(* Let $S\subseteq\mathbb{R}^+\cup\{0\}$ with $S\neq\emptyset$, and let $\mathbf{P}=(X,P)$ be a finite poset belonging to $C(S)$. (1) If $\mathbf{P}$ has a twin-free $S$-representation, then $\mathbf{P}$ has a distinguishing $S$-representation. (2) If $0\notin S$, then $\mathbf{P}$ has a distinguishing $S$-representation.
   Context: An interval representation of a poset $(X,P)$ assigns to each $x\in X$ a closed real interval $[l_x,r_x]$ (with $l_x\le r_x$; length $r_x-l_x$, possibly $0$) such that for all $x,y\in X$: $x<y$ in $P$ if and only if $r_x<l_y$. For $S\subseteq\mathbb{R}^+\cup\{0\}$, an $S$-representation is an interval representation in which every interval length lies in $S$, and $C(S)$ is the class of posets having an $S$-representation. A representation is twin-free if no two distinct elements of $X$ are assigned the same interval. A representation is distinguishing if every real number occurs at most once as an endpoint of an interval of the representation, i.e. no two intervals share an endpoint. *)

From HB Require Import structures.
From mathcomp Require Import all_boot all_order all_algebra.
From mathcomp Require Import reals.
Set Implicit Arguments. Unset Strict Implicit. Unset Printing Implicit Defensive.
Import Order.TTheory GRing.Theory Num.Theory.
Local Open Scope ring_scope.

(* A poset (X,P) is a finite partially ordered type X; x < y in P is (x < y)%O.
   An interval representation assigns to x the closed interval [l x, r x]. *)
Definition interval_rep (R : realType) (d : Order.disp_t) (X : finPOrderType d)
  (l r : X -> R) : Prop :=
  (forall x, l x <= r x) /\ (forall x y : X, (x < y)%O <-> r x < l y).

Definition S_rep (R : realType) (d : Order.disp_t) (X : finPOrderType d)
  (S : R -> Prop) (l r : X -> R) : Prop :=
  interval_rep l r /\ (forall x, S (r x - l x)).

Definition in_C (R : realType) (d : Order.disp_t) (X : finPOrderType d)
  (S : R -> Prop) : Prop :=
  exists l r : X -> R, S_rep S l r.

Definition twin_free (R : realType) (d : Order.disp_t) (X : finPOrderType d)
  (l r : X -> R) : Prop :=
  forall x y : X, l x = l y -> r x = r y -> x = y.

Definition distinguishing (R : realType) (d : Order.disp_t) (X : finPOrderType d)
  (l r : X -> R) : Prop :=
  forall x y : X, x <> y ->
    [/\ l x <> l y, l x <> r y, r x <> l y & r x <> r y].

From HB Require Import structures.
From mathcomp Require Import all_boot all_order all_algebra.
From mathcomp Require Import reals filter topology.
From mathcomp Require Import ring lra.
Set Implicit Arguments. Unset Strict Implicit. Unset Printing Implicit Defensive.
Import Order.TTheory GRing.Theory Num.Theory numFieldTopology.Exports.
Local Open Scope classical_set_scope.
Local Open Scope ring_scope.

(* Translate each interval x by -e * t x, where t is injective and increases
   along touching pairs (r x = l y, x <> y).  Lengths are unchanged, and for
   small e > 0 every strict comparison between endpoints survives, coincident
   endpoints of distinct intervals are pulled apart, and touching pairs start
   to overlap, so the order is unchanged.  Such a t exists (perturb the
   midpoint by a small multiple of an enumeration rank) as soon as midpoints
   increase along touching pairs, which holds for twin-free representations
   and for representations with positive lengths. *)

Section SmallShifts.
Variable R : realType.

Lemma near_ltr_perturb (a b c d : R) :
  \forall e \near 0^'+, a < b -> a - e * c < b - e * d.
Proof.
have [ab|_] := ltP a b; last exact: nearW.
have cd1 : 0 < `|d - c| + 1 by rewrite ltr_pwDr.
near=> e => _.
have e0 : 0 < e by near: e; exact: nbhs_right_gt.
have : e < (b - a) / (`|d - c| + 1).
  by near: e; apply: nbhs_right_lt; rewrite divr_gt0 // subr_gt0.
rewrite ltr_pdivlMr //.
have : e * (d - c) <= e * `|d - c| by rewrite ler_pM2l // ler_norm.
nra.
Unshelve. all: by end_near. Qed.

Lemma injective_refinement (T : finType) (f : T -> R) :
  exists2 t : T -> R, injective t & forall x y, f x < f y -> t x < t y.
Proof.
pose k (x : T) : R := (enum_rank x)%:R.
have k_inj : injective k.
  by move=> x y /eqP; rewrite eqr_nat => /eqP /val_inj /enum_rank_inj.
near (0 : R)^'+ => eta.
have eta0 : 0 < eta by near: eta; exact: nbhs_right_gt.
have t_mono : forall p : T * T, f p.1 < f p.2 ->
    f p.1 - eta * k p.1 < f p.2 - eta * k p.2.
  by near: eta; apply: filter_forall => p; exact: near_ltr_perturb.
exists (fun x => f x - eta * k x) => [x y txy|x y fxy]; last exact: (t_mono (x, y)).
have [fxy|fyx|fxy] := ltgtP (f x) (f y).
- by have := t_mono (x, y) fxy; rewrite txy ltxx.
- by have := t_mono (y, x) fyx; rewrite txy ltxx.
- apply: k_inj; apply: (mulfI (lt0r_neq0 eta0)).
  by move: txy; rewrite fxy => /addrI /oppr_inj.
Unshelve. all: by end_near. Qed.

End SmallShifts.

Section IntervalRepresentations.
Variables (R : realType) (d : Order.disp_t) (X : finPOrderType d).

Definition mid_increasing_on_touching (l r : X -> R) :=
  forall x y, x != y -> r x = l y -> l x + r x < l y + r y.

Section Shift.
Variables (l r t : X -> R).
Hypotheses (lr_rep : interval_rep l r) (t_inj : injective t)
  (t_touch : forall x y, x != y -> r x = l y -> t x < t y).

Lemma shifted_distinguishing_rep :
  exists l' r' : X -> R, [/\ interval_rep l' r', distinguishing l' r'
    & forall x, r' x - l' x = r x - l x].
Proof.
have [l_le_r ltE] := lr_rep.
pose p (u : X * bool) := if u.2 then r u.1 else l u.1.
near (0 : R)^'+ => e.
have e0 : 0 < e by near: e; exact: nbhs_right_gt.
have p_stable : forall uv : (X * bool) * (X * bool), p uv.1 < p uv.2 ->
    p uv.1 - e * t uv.1.1 < p uv.2 - e * t uv.2.1.
  by near: e; apply: filter_forall => uv; exact: near_ltr_perturb.
have p_sep : forall u v, u.1 != v.1 -> p u - e * t u.1 != p v - e * t v.1.
  move=> u v uv; have [puv|pvu|->] := ltgtP (p u) (p v).
  - by rewrite lt_eqF // (p_stable (u, v)).
  - by rewrite gt_eqF // (p_stable (v, u)).
  - by rewrite (can_eq (addKr _)) eqr_opp (inj_eq (mulfI (lt0r_neq0 e0))) (inj_eq t_inj).
exists (fun x => l x - e * t x), (fun x => r x - e * t x); split=> [||x]; last by ring.
- split=> [x|x y]; first by rewrite lerD2r.
  rewrite ltE; split=> [rl|]; first exact: (p_stable ((x, true), (y, false))).
  have [//|ly_lt_rx|rl] := ltgtP (r x) (l y).
    by move=> /(lt_trans (p_stable ((y, false), (x, true)) ly_lt_rx)); rewrite ltxx.
  have [xy|xy] := eqVneq x y; first by subst y; rewrite ltrD2r rl ltxx.
  by rewrite rl ltrD2l ltrN2 ltr_pM2l // => /(lt_trans (t_touch xy rl)); rewrite ltxx.
- move=> x y /eqP xy.
  by split; apply/eqP; [ apply: (p_sep (x, false) (y, false))
    | apply: (p_sep (x, false) (y, true)) | apply: (p_sep (x, true) (y, false))
    | apply: (p_sep (x, true) (y, true))].
Unshelve. all: by end_near. Qed.

End Shift.

Lemma distinguishing_S_rep (S : R -> Prop) (l r : X -> R) :
  S_rep S l r -> mid_increasing_on_touching l r ->
  exists l' r' : X -> R, S_rep S l' r' /\ distinguishing l' r'.
Proof.
move=> [rep inS] mid_touch.
have [t t_inj t_mono] := injective_refinement (fun x => l x + r x).
have t_touch x y (xy : x != y) (rl : r x = l y) : t x < t y.
  exact/t_mono/mid_touch.
have [l' [r' [rep' dist' len']]] := shifted_distinguishing_rep rep t_inj t_touch.
by exists l', r'; split=> //; split=> // x; rewrite len'.
Qed.

Lemma twin_free_mid_increasing (l r : X -> R) :
  interval_rep l r -> twin_free l r -> mid_increasing_on_touching l r.
Proof.
move=> [l_le_r _] tf x y /eqP xy rl.
have := l_le_r x; have := l_le_r y.
have [//|mid_ge ly_ry lx_rx] := ltP (l x + r x) (l y + r y).
by case: xy; apply: tf; lra.
Qed.

Lemma pos_length_mid_increasing (l r : X -> R) :
  (forall x, l x < r x) -> mid_increasing_on_touching l r.
Proof. by move=> lt_lr x y _ rl; have := lt_lr x; have := lt_lr y; lra. Qed.

End IntervalRepresentations.

Theorem theorem3p2 (R : realType) (d : Order.disp_t) (X : finPOrderType d)
  (S : R -> Prop) :
  (exists s, S s) ->
  (forall s, S s -> 0 <= s) ->
  in_C X S ->
  ((exists l r : X -> R, S_rep S l r /\ twin_free l r) ->
     exists l r : X -> R, S_rep S l r /\ distinguishing l r) /\
  (~ S 0 ->
     exists l r : X -> R, S_rep S l r /\ distinguishing l r).
Proof.
move=> _ S_ge0 [l0 [r0 rep0]]; split.
  move=> [l [r [rep tf]]]; apply: (distinguishing_S_rep rep).
  exact: twin_free_mid_increasing (proj1 rep) tf.
move=> S0; apply: (distinguishing_S_rep rep0).
have [_ inS] := rep0.
apply: pos_length_mid_increasing => x.
rewrite -subr_gt0 lt_def S_ge0 ?inS // andbT.
by apply/eqP => len0; apply: S0; rewrite -len0.
Qed.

| Activity |
Each line from the one containing "exact: twin_free_mid_increasing (proj1" to the end of the listing above should be copied exactly, and nothing else.

| Solution to this task |
  exact: twin_free_mid_increasing (proj1 rep) tf.
move=> S0; apply: (distinguishing_S_rep rep0).
have [_ inS] := rep0.
apply: pos_length_mid_increasing => x.
rewrite -subr_gt0 lt_def S_ge0 ?inS // andbT.
by apply/eqP => len0; apply: S0; rewrite -len0.
Qed.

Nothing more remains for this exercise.